Comment by altruios

5 hours ago

Tokens are such a strange base unit. Couldn't we do something that naturally conforms better to reality than such choppy units that cause all sorts of artifacts? making everything 'language based' prevents true multi-modality. Thinking isn't done in language. Thinking outputs language, but its far more like multiple waves of data coalescing into an 'idea', internal... subjectively (n=1) at least. I think wave/signal based transformers are the next jump.

After that a s1/s2 system: fast generation, slow wave correction / observation operating over the fast generation seems like the next leap forward.

Tokens create and hide too many problems to be the 'optimal' solution.

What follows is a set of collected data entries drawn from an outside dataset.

Lemma is_lim_seq_div_close (x y g h : nat -> R) (l : R) :
  is_lim_seq (fun n => h n / g n) 0 ->
  eventually (fun n => 0 < g n) ->
  eventually (fun n => Rabs (y n - x n) <= h n) ->
  is_lim_seq (fun n => x n / g n) l ->
  is_lim_seq (fun n => y n / g n) l.
Proof.
  intros Hh Hg Hyx Hx.
  assert (Herr : is_lim_seq (fun n => (y n - x n) / g n) 0).
  { apply is_lim_seq_abs_0.
    apply is_lim_seq_le_le_loc with (fun _ => 0) (fun n => h n / g n);
      [| apply is_lim_seq_const | exact Hh].
    generalize (filter_and _ _ Hg Hyx). apply filter_imp. intros n [Hgn Hyxn].
    split; [apply Rabs_pos|].
    unfold Rdiv. rewrite Rabs_mult, Rabs_inv, (Rabs_pos_eq (g n)) by lra.
    apply Rmult_le_compat_r; [left; apply Rinv_0_lt_compat|]; lra. }
  apply is_lim_seq_ext with (fun n => x n / g n + (y n - x n) / g n).
  { intros n. unfold Rdiv. ring. }
  replace (Finite l) with (Rbar_plus l 0) by (simpl; f_equal; ring).
  now apply is_lim_seq_plus'.
Qed.

Lemma is_lim_seq_pos_floor (a : R) (g : nat -> R) :
  0 <= a -> (forall n, 0 <= g n) -> is_lim_seq g p_infty ->
  is_lim_seq (fun n => INR (pos_floor (a * g n)) / g n) a.
Proof.
  intros Ha Hg Hlim.
  assert (Hpos : eventually (fun n => 0 < g n)) by exact (proj2 (is_lim_seq_spec _ _) Hlim 0).
  apply is_lim_seq_div_close with (x := fun n => a * g n) (h := fun _ => 1).
  - apply is_lim_seq_ext with (fun n => / g n); [intros n; unfold Rdiv; ring|].
    now apply (is_lim_seq_inv _ p_infty).
  - exact Hpos.
  - apply filter_forall. intros n. apply pos_floor_close, Rmult_le_pos; auto.
  - apply is_lim_seq_ext_loc with (fun _ => a); [|apply is_lim_seq_const].
    revert Hpos. apply filter_imp. intros n Hn. field. lra.
Qed.

Lemma is_lim_seq_sqrt_INR : is_lim_seq (fun n => sqrt (INR n)) p_infty.
Proof. eapply filterlim_comp; [apply is_lim_seq_INR | apply filterlim_sqrt_p]. Qed.

Definition patch {A : Type} (S : nat -> Prop) (u v : nat -> A) (n : nat) : A :=
  if excluded_middle_informative (S n) then u n else v n.

Lemma is_lim_seq_patch (S : nat -> Prop) (u v : nat -> R) (l : Rbar) :
  filterlim u (within S eventually) (Rbar_locally l) -> is_lim_seq v l ->
  is_lim_seq (patch S u v) l.
Proof.
  intros Hu Hv P HP.
  assert (HuP : eventually (fun n => S n -> P (u n))) by exact (Hu P HP).
  generalize (filter_and _ _ HuP (Hv P HP)). unfold filtermap. apply filter_imp.
  intros n [Hun Hvn]. unfold patch. destruct (excluded_middle_informative (S n)); auto.
Qed.

Lemma increasing_choice (P : nat -> nat -> Prop) :
  (forall k N, exists n, (N <= n)%nat /\ P k n) ->
  exists phi : nat -> nat,
    (forall j k, (j < k)%nat -> (phi j < phi k)%nat) /\ forall k, P k (phi k).
Proof.
  intros H.
  set (g k N := proj1_sig (constructive_indefinite_description _ (H k N))).
  assert (Hg : forall k N, (N <= g k N)%nat /\ P k (g k N)).
  { intros k N. exact (proj2_sig (constructive_indefinite_description _ (H k N))). }
  clearbody g.
  set (phi := fix phi k := match k with O => g O O | S k' => g k (S (phi k')) end).
  assert (Hstep : forall k, (phi k < phi (S k))%nat).
  { intros k. exact (proj1 (Hg (S k) (S (phi k)))). }
  exists phi. split.
  - intros j k Hjk. induction Hjk as [|k Hjk IH]; [apply Hstep|].
    apply Nat.lt_trans with (phi k); [exact IH | apply Hstep].
  - intros [|k]; apply Hg.
Qed.

Definition away_from_0_on (S : nat -> Prop) (u : nat -> R) : Prop :=
  exists d, 0 < d /\ within S eventually (fun n => d <= u n).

> making everything 'language based' prevents true multi-modality. Thinking isn't done in language. Thinking outputs language

Your problem isn't with tokens, but with "language". Tokens have little to do with language, other than usually being consumed in sequence, but that's true of anything that has to span over time. Thinking of tokens as letters or subwords is mistaking the general with the specific. We may have started with letters and words and subwords (trying to find the best balance for training), but then people figured why not add pixel patches to the dictionary, and then sounds, and then other signals, and after iterating on it a bit, we now have image and sound and symbol sequence data all being part of the same token space.

LLMs stopped being about "language" - in the sense of English, or C++ - long, long time ago. We're still using tokens, but they're more like quanta of sensory input now.

You can take it in two directions, I guess - either consider "Large Language Model" to be an anachronym, a name that couldn't keep up with times, but we got used to it back when it made sense, or alternatively, just broaden your understanding of "language" to encompass any pattern of quantized sensory inputs, regardless of modality :).

  • Can you elaborate more on what a token looks like as a pixel patch/sound/general signal as it currently is (in this model)?

    My understanding of pixel representation is: slice a grid in an image, each square slice gets projected into a number array of x long (not sure how long x is, or if it's variable), which then gets projected down to a token representing that space (3-4 long as alpha-numeric) and AGAIN gets passed into "position detector" which outputs a token representing that pixel/position. which gets passed into the lmm (at a significantly reduced/translated signal into token space).

    First, before continuing: do I have that mostly correct?

Not to be too snarky but there’s a few trillion dollars and some of the brightest minds of our generation working on this. I’m sure there’s a reason why they’ve settled for or are stuck on tokenization.

This sounds like when crystal people talk quantum physics.

  • I agree with the GP. The idea that there's not a better intermediate representation between tokens and embedding vectors seems absurd. But how to arrive at such a representation and implement it effectively is a few zeroes above my pay grade.

    • I find your agreement seductive because it side steps the unfounded assertions and simply asserts there must be something different and we don’t know it, which is easy for me to agree with too. Or maybe hard to disagree with.